Data records
Lemma path_crossing e (A B : pred T) x Q : (forall y, A y -> ~~ B y) ->
  path e x Q -> uniq (x :: Q) -> A x -> B (last x Q) ->
  exists z1 I z2, [/\ A z1, B z2 & all (fun v => ~~ (A v || B v)) I] /\
    [/\ {subset I <= x :: Q}, path e z1 (rcons I z2) & uniq (z1 :: rcons I z2)].
Proof.
move=> nAB pQ uQ Ax Bl.
have [Q1 [z1 [I [z2 [Q2 [EQ [Az1 Bz2 nI]]]]]]] := split_crossing nAB Ax Bl.
exists z1, I, z2; split=> //; split.
- by move=> v vI; rewrite EQ mem_cat inE mem_cat vI !orbT.
- move: pQ; rewrite -/(sorted e (x :: Q)) EQ sorted_cat_cons => /andP[_].
  by rewrite -cat_rcons cat_path => /andP[].
- move: uQ; rewrite EQ cat_uniq -cat_rcons -cat_cons cat_uniq.
  by case/and3P=> _ _ /andP[].
Qed.
End CycleEdges.

Section Forest.
Variables (N : finType) (r : rel N).
Hypothesis r_sym : symmetric r.

Definition acyclic := forall s, uniq s -> 3 <= size s -> ~~ cycle r s.

Lemma acyclic_cut x c p : acyclic -> path r x (c :: p) -> uniq [:: x, c & p] ->
  p != [::] -> ~~ connect (irel [set~ c] r) x (last c p).
Proof.
move=> acyc /= /andP[rxc pcp] uxp p0; apply/negP => conn.
case: p p0 pcp uxp conn => // n p _ /= /andP[rcn pnp].
rewrite !inE !negb_or => /andP[/and3P[xc xn _] /and3P[/andP[cn cp] _ _]] conn.
have /connect_irel_path[|q [pq lq uq qX]] : connect (irel [set~ c] r) x n.
- apply: connect_trans conn _; rewrite connect_irel_sym //.
  apply: path_connect (mem_last n p); apply: path_irel pnp _ => v.
  by rewrite !inE => /orP[/eqP->|/(memPn cp)]; rewrite // eq_sym.
- by rewrite !inE.
have uc : uniq [:: c, x & q].
  by rewrite cons_uniq uq andbT; apply/negP => /qX; rewrite !inE eqxx.
have sc : 3 <= size [:: c, x & q].
  by case: q lq {pq uq qX uc} => [/= xn'|]; [move: xn; rewrite xn' eqxx | ].
move/negP: (acyc _ uc sc); apply.
by rewrite /= rcons_path pq lq r_sym rxc r_sym rcn.
Qed.
End Forest.

Definition auxtag_code (t : auxtag) : option bool :=
  match t with AG => Some true | AH => Some false | AS => None end.
Definition auxtag_decode (o : option bool) : auxtag :=
  match o with Some true => AG | Some false => AH | None => AS end.
Lemma auxtag_codeK : cancel auxtag_code auxtag_decode. Proof. by case. Qed.
HB.instance Definition _ := Finite.copy auxtag (can_type auxtag_codeK).

Section SumGraph.
Variables (T : finType) (VG : {set T}) (eG : rel T) (VH : {set T}) (eH : rel T).
Variable S : {set T}.
Hypotheses (wfG : graph_wf VG eG) (wfH : graph_wf VH eH).
Hypotheses (SG : S \subset VG) (SH : S \subset VH) (GHS : VG :&: VH \subset S).
Hypothesis eGH_S : {in S &, forall x y, eG x y = eH x y}.
Implicit Types (V : {set T}) (e : rel T).

Local Notation K := (sum_rel eG eH).
Local Notation eS := (irel S eG).

Lemma eG_sym : symmetric eG. Proof. by case: wfG. Qed.
Lemma eH_sym : symmetric eH. Proof. by case: wfH. Qed.
Lemma K_sym : symmetric K. Proof. by move=> x y; rewrite /sum_rel /= eG_sym eH_sym. Qed.
Lemma eS_sym : symmetric eS. Proof. by move=> x y; rewrite /irel /= eG_sym andbCA. Qed.

Lemma eG_mem x y : eG x y -> (x \in VG) && (y \in VG).
Proof. by case: wfG => _ _ /[apply] -[-> ->]. Qed.
Lemma eH_mem x y : eH x y -> (x \in VH) && (y \in VH).
Proof. by case: wfH => _ _ /[apply] -[-> ->]. Qed.

Lemma K_neq x y : K x y -> x != y.
Proof.
case: wfG wfH => _ irrG _ [_ irrH _]; apply: contraTneq => ->.
by rewrite /sum_rel /= irrG irrH.
Qed.

Lemma VG_VH_S x : x \in VG -> x \in VH -> x \in S.
Proof. by move=> xG xH; apply: (subsetP GHS); rewrite inE xG xH. Qed.

Lemma K_VG : {in VG &, forall x y, K x y -> eG x y}.
Proof.
move=> x y xG yG /orP[//|exy]; have /andP[xH yH] := eH_mem exy.
by rewrite eGH_S ?VG_VH_S.
Qed.

Lemma K_VH : {in VH &, forall x y, K x y -> eH x y}.
Proof.
move=> x y xH yH /orP[exy|//]; have /andP[xG yG] := eG_mem exy.
by rewrite -eGH_S ?VG_VH_S.
Qed.

Lemma eS_eH x y : eS x y -> eH x y.
Proof. by case/and3P=> xS yS; rewrite eGH_S. Qed.

Definition aux_rel : rel (auxtag * {set T}) := fun u v =>
  `[< [/\ aux_vertex VG eG VH eH S u, aux_vertex VG eG VH eH S v & aux_edge u v] >].

Lemma aux_rel_sym : symmetric aux_rel.
Proof.
move=> u v; apply/asboolP/asboolP => -[uA vA uv]; split=> //;
  by case: uv => ?; [right | left].
Qed.

Lemma acyclic_aux_rel : aux_sum_acyclic VG eG VH eH S -> acyclic aux_rel.
Proof.
move=> acyc s us ss; apply/negP => cs; pose x0 := (AS, set0 : {set T}).
apply: (acyc (size s) (nth x0 s)) => // [i j ilt jlt /eqP|i ilt|i ilt].
- by rewrite nth_uniq // => /eqP.
- by have /asboolP[] := cycle_nth x0 cs ilt.
- by have /asboolP[] := cycle_nth x0 cs ilt.
Qed.

Definition aux_node v :=
  if v \in S then (AS, comp S eS v)
  else if v \in VG then (AG, comp VG eG v) else (AH, comp VH eH v).

Lemma aux_node_AS v C : aux_node v = (AS, C) -> v \in C.
Proof.
by rewrite /aux_node; case: ifP => [vS [<-]|_]; [apply: mem_comp | case: ifP].
Qed.

Lemma comp_S_sub V e u v : (forall x y, eS x y -> e x y) -> S \subset V ->
  connect (irel V e) v u -> comp S eS u \subset comp V e v.
Proof.
move=> eSe SV vu; apply/subsetP => y; rewrite !inE => /andP[yS uy].
rewrite (subsetP SV _ yS).
exact: connect_trans vu (connect_irel_sub SV (fun x y _ _ => eSe x y) uy).
Qed.

Lemma aux_node_boundary u v : u \in S -> v \notin S -> K u v ->
  aux_rel (aux_node u) (aux_node v).
Proof.
move=> uS vS; have nu : aux_node u = (AS, comp S eS u) by rewrite /aux_node uS.
case/orP=> [e|e].
  have /andP[uG vG] := eG_mem e.
  have nv : aux_node v = (AG, comp VG eG v) by rewrite /aux_node (negbTE vS) vG.
  apply/asboolP; rewrite nu nv; split; try exact: comp_component.
  right; split=> //; split=> //; apply: comp_S_sub => // [x y /and3P[] //|].
  by apply: connect1; rewrite /irel /= vG uG eG_sym.
have /andP[uH vH] := eH_mem e.
have vG : v \notin VG by apply: contra vS => vG; apply: VG_VH_S.
have nv : aux_node v = (AH, comp VH eH v) by rewrite /aux_node (negbTE vS) (negbTE vG).
apply/asboolP; rewrite nu nv; split; try exact: comp_component.
right; split=> //; split=> //; apply: comp_S_sub => // [x y /eS_eH //|].
by apply: connect1; rewrite /irel /= vH uH eH_sym.
Qed.

Lemma aux_node_step u v : K u v ->
  aux_node u = aux_node v \/ aux_rel (aux_node u) (aux_node v).
Proof.
move=> euv; case uS: (u \in S); case vS: (v \in S).
- left; rewrite /aux_node uS vS; congr (_, _); apply: comp_connect; first exact: eS_sym.
  by apply: connect1; rewrite /irel /= uS vS /=; case/orP: euv => // e; rewrite eGH_S.
- by right; apply: aux_node_boundary; rewrite ?vS.
- by right; rewrite aux_rel_sym; apply: aux_node_boundary; rewrite ?uS // K_sym.
left; case/orP: euv => e.
  have /andP[uG vG] := eG_mem e; rewrite /aux_node uS vS uG vG.
  by congr (_, _); apply/comp_connect/connect1; rewrite /irel /= ?uG ?vG ?e //; apply: eG_sym.
have /andP[uH vH] := eH_mem e.
have [uG vG] : u \notin VG /\ v \notin VG.
  by split; apply/negP => /VG_VH_S; rewrite ?uS ?vS; [move/(_ uH) | move/(_ vH)].
rewrite /aux_node uS vS (negbTE uG) (negbTE vG).
by congr (_, _); apply/comp_connect/connect1; rewrite /irel /= ?uH ?vH ?e //; apply: eH_sym.
Qed.

Lemma aux_walk (X : {set auxtag * {set T}}) x q : path K x q ->
  (forall v, v \in x :: q -> aux_node v \in X) ->
  connect (irel X aux_rel) (aux_node x) (aux_node (last x q)).
Proof.
elim: q x => [|y q IH] x /=; first by rewrite connect0.
case/andP=> exy pyq sub; apply: connect_trans (IH y pyq _); last first.
  by move=> v vq; apply: sub; rewrite inE vq orbT.
have [->|rxy] := aux_node_step exy; first exact: connect0.
apply: connect1; rewrite /irel /= rxy andbT.
by rewrite (sub x (mem_head _ _)) (sub y); rewrite // !inE eqxx orbT.
Qed.

Hypothesis aux_acyclic : aux_sum_acyclic VG eG VH eH S.

Lemma aux_separation g h q0 :
  g \in VG -> g \notin S -> h \in VH -> h \notin S -> path K g q0 -> last g q0 = h ->
  exists2 C, is_component S eS C & forall q, path K g q -> last g q = h -> has (mem C) q.
Proof.
move=> gG gS hH hS pq0 lq0.
have hG : h \notin VG by apply: contra hS => hG; apply: VG_VH_S.
have ng : aux_node g = (AG, comp VG eG g) by rewrite /aux_node (negbTE gS) gG.
have nh : aux_node h = (AH, comp VH eH h) by rewrite /aux_node (negbTE hS) (negbTE hG).
(* C is the first node after g's on a simple Aux path to h's node: in a forest,
   deleting it separates the two. *)
have := aux_walk (X := setT) pq0 (fun v _ => in_setT _); rewrite lq0.
case/connect_irel_path=> [|p [pp lp up _]]; first exact: in_setT.
case: p pp lp up => [|[t C] p] /=; first by rewrite ng nh.
case/andP=> gCrel pCp lp up; have /asboolP[_ CC gC] := gCrel.
have tAS : t = AS by move: gC; rewrite ng => -[[_ []]|[_ []]].
subst t; have p0 : p != [::] by case: p lp {pCp up} => //= E; move: E; rewrite nh.
have /(acyclic_cut aux_rel_sym (acyclic_aux_rel aux_acyclic))/(_ up p0) : path aux_rel (aux_node g) ((AS, C) :: p).
  by rewrite /= gCrel.
rewrite lp => cut; exists C => // q pq lq; apply/negPn/negP => Cq; move/negP: cut; apply.
rewrite -lq; apply: aux_walk pq _ => v; rewrite !inE => /orP[/eqP->|vq].
  by rewrite ng xpair_eqE.
by apply: contraNneq Cq => /aux_node_AS vC; apply/hasP; exists v.
Qed.

Definition piece P := is_block VG eG P \/ is_block VH eH P.
Definition boundary_block B := is_block S eS B /\ 1 < #|B|.
Definition link : rel {set T} := fun P Q =>
  `[< [/\ piece P, piece Q & exists2 B, boundary_block B & B \subset P :&: Q] >].
Definition piece_through u v P := [/\ piece P, u \in P & v \in P].

Lemma link_sym : symmetric link.
Proof.
move=> P Q; apply/asboolP/asboolP => -[pP pQ [B bB sB]];
  by split=> //; exists B; rewrite // setIC.
Qed.

Lemma connect_link_sym : connect_sym link.
Proof. exact: sym_connect_sym link_sym. Qed.

Lemma piece_conn_nocut P : piece P -> conn_nocut P K.
Proof.
by case=> -[_ cnP _]; apply: conn_nocut_sub cnP => x y _ _ exy; rewrite /sum_rel /= exy ?orbT.
Qed.

Lemma boundary_block_sub B P u v : boundary_block B -> piece P ->
  u \in B :&: P -> v \in B :&: P -> u != v -> B \subset P.
Proof.
move=> [[sBS cnB _] _] pP; rewrite ![B :&: P]setIC => uBP vBP uv.
case: pP => bP; apply: (block_sub_conn bP _ _ uBP vBP uv).
- by apply: (conn_nocut_sub _ cnB) => x y _ _ /and3P[].
- exact: subset_trans SG.
- by apply: (conn_nocut_sub _ cnB) => x y _ _ /eS_eH.
- exact: subset_trans SH.
Qed.

Lemma boundary_block_of_edge u v : u \in S -> v \in S -> eG u v ->
  exists2 B, boundary_block B & (u \in B) && (v \in B).
Proof.
move=> uS vS e; have uv : u != v by apply: K_neq; rewrite /sum_rel /= e.
have euv : eS u v by rewrite /irel /= uS vS.
have sS : [set u; v] \subset S by apply/subsetP => w; rewrite !inE => /orP[]/eqP->.
have [B bB /subsetP sB] := block_exists (conn_nocut_edge eS_sym euv uv) sS.
have [uB vB] : u \in B /\ v \in B by rewrite !sB ?inE ?eqxx ?orbT.
by exists B; rewrite ?uB //; split=> //; apply/card_gt1P; exists u, v.
Qed.

Lemma link_of_Sedge u v P Q : u \in S -> v \in S -> eG u v ->
  piece_through u v P -> piece_through u v Q -> link P Q.
Proof.
move=> uS vS e [pP uP vP] [pQ uQ vQ].
have uv : u != v by apply: K_neq; rewrite /sum_rel /= e.
have [B bB /andP[uB vB]] := boundary_block_of_edge uS vS e.
have sBX X : piece X -> u \in X -> v \in X -> B \subset X.
  by move=> pX uX vX; apply: (boundary_block_sub bB pX (u := u) (v := v)); rewrite // inE ?uB ?vB.
by apply/asboolP; split=> //; exists B; rewrite // subsetI !sBX.
Qed.

Lemma piece_of_edge u v : K u v -> exists P, piece_through u v P.
Proof.
move=> euv; have uv := K_neq euv.
have s2 V : u \in V -> v \in V -> [set u; v] \subset V.
  by move=> uV vV; apply/subsetP => w; rewrite !inE => /orP[]/eqP->.
case/orP: euv => e.
  have /andP[uG vG] := eG_mem e.
  have [P bP /subsetP sP] := block_exists (conn_nocut_edge eG_sym e uv) (s2 _ uG vG).
  by exists P; split; [left | apply: sP; rewrite !inE eqxx ?orbT ..].
have /andP[uH vH] := eH_mem e.
have [P bP /subsetP sP] := block_exists (conn_nocut_edge eH_sym e uv) (s2 _ uH vH).
by exists P; split; [right | apply: sP; rewrite !inE eqxx ?orbT ..].
Qed.

Lemma piece_through_sym u v P : piece_through u v P -> piece_through v u P.
Proof. by case. Qed.

Lemma piece_through_link u v P X : K u v ->
  piece_through u v P -> piece_through u v X -> connect link P X.
Proof.
move=> euv tP tX; have uv := K_neq euv.
have inV V e Y w : is_block V e Y -> w \in Y -> w \in V by case=> /subsetP sYV _ _ /sYV.
have : P = X \/ u \in S /\ v \in S.
  case: tP tX => -[bP|bP] uP vP [[bX|bX] uX vX]; [left|right|right|left];
    try by split; apply: VG_VH_S; apply: inV; eassumption.
  - by apply: (block_eq bP bX (a := u) (b := v)); rewrite ?inE ?uP ?uX ?vP ?vX.
  - by apply: (block_eq bP bX (a := u) (b := v)); rewrite ?inE ?uP ?uX ?vP ?vX.
case=> [->|[uS vS]]; first exact: connect0.
exact: connect1 (link_of_Sedge uS vS (K_VG (subsetP SG _ uS) (subsetP SG _ vS) euv) tP tX).
Qed.

Definition coherent s := exists R, forall u v P,
  (u, v) \in cycle_edges s -> piece_through u v P -> connect link P R.

Lemma coherent_in_piece X s : piece X -> {subset s <= X} -> cycle K s -> coherent s.
Proof.
move=> pX sX cs; exists X => u v P uv tP; have /andP[us vs] := mem_cycle_edges uv.
by apply: piece_through_link (cycle_edges_rel cs uv) tP _; split; rewrite ?sX.
Qed.

Lemma cycle_in_piece s : uniq s -> 2 <= size s -> cycle K s ->
  {subset s <= VG} \/ {subset s <= VH} -> exists2 X, piece X & {subset s <= X}.
Proof.
move=> us ss cs [sV|sV].
  by have [X bX sX] := cycle_in_block eG_sym K_VG us ss cs sV; exists X => //; left.
by have [X bX sX] := cycle_in_block eH_sym K_VH us ss cs sV; exists X => //; right.
Qed.

Lemma coherent_catC s1 s2 : coherent (s2 ++ s1) -> coherent (s1 ++ s2).
Proof. by case=> R cR; exists R => u v P; rewrite cycle_edges_catC; apply: cR. Qed.

Lemma coherent_chord x L1 y L2 I : path K x (rcons I y) ->
  coherent (x :: L1 ++ y :: rev I) -> coherent (y :: L2 ++ x :: I) ->
  coherent (x :: L1 ++ y :: L2).
Proof.
move=> pI [R1 cR1] [R2 cR2].
have [P tP] : exists P, piece_through x (head y I) P.
  by apply: piece_of_edge; move: pI; case: (I) => [|i J] /= /andP[].
have /andP[e2 e1] := theta_chord x y L1 L2 I.
have R12 : connect link R1 R2.
  apply: connect_trans (cR2 _ _ _ e2 tP); rewrite connect_link_sym.
  exact: cR1 _ _ _ e1 (piece_through_sym tP).
exists R2 => u v Q uv tQ; have := theta_edges I uv; rewrite mem_cat.
by case/orP=> [/cR1/(_ tQ)/connect_trans->|/cR2->].
Qed.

What this task involves
Output exactly the leading lines of the data, up to and including the line marked by "- apply: connect_trans".

Exercise response
Lemma path_crossing e (A B : pred T) x Q : (forall y, A y -> ~~ B y) ->
  path e x Q -> uniq (x :: Q) -> A x -> B (last x Q) ->
  exists z1 I z2, [/\ A z1, B z2 & all (fun v => ~~ (A v || B v)) I] /\
    [/\ {subset I <= x :: Q}, path e z1 (rcons I z2) & uniq (z1 :: rcons I z2)].
Proof.
move=> nAB pQ uQ Ax Bl.
have [Q1 [z1 [I [z2 [Q2 [EQ [Az1 Bz2 nI]]]]]]] := split_crossing nAB Ax Bl.
exists z1, I, z2; split=> //; split.
- by move=> v vI; rewrite EQ mem_cat inE mem_cat vI !orbT.
- move: pQ; rewrite -/(sorted e (x :: Q)) EQ sorted_cat_cons => /andP[_].
  by rewrite -cat_rcons cat_path => /andP[].
- move: uQ; rewrite EQ cat_uniq -cat_rcons -cat_cons cat_uniq.
  by case/and3P=> _ _ /andP[].
Qed.
End CycleEdges.

Section Forest.
Variables (N : finType) (r : rel N).
Hypothesis r_sym : symmetric r.

Definition acyclic := forall s, uniq s -> 3 <= size s -> ~~ cycle r s.

Lemma acyclic_cut x c p : acyclic -> path r x (c :: p) -> uniq [:: x, c & p] ->
  p != [::] -> ~~ connect (irel [set~ c] r) x (last c p).
Proof.
move=> acyc /= /andP[rxc pcp] uxp p0; apply/negP => conn.
case: p p0 pcp uxp conn => // n p _ /= /andP[rcn pnp].
rewrite !inE !negb_or => /andP[/and3P[xc xn _] /and3P[/andP[cn cp] _ _]] conn.
have /connect_irel_path[|q [pq lq uq qX]] : connect (irel [set~ c] r) x n.
- apply: connect_trans conn _; rewrite connect_irel_sym //.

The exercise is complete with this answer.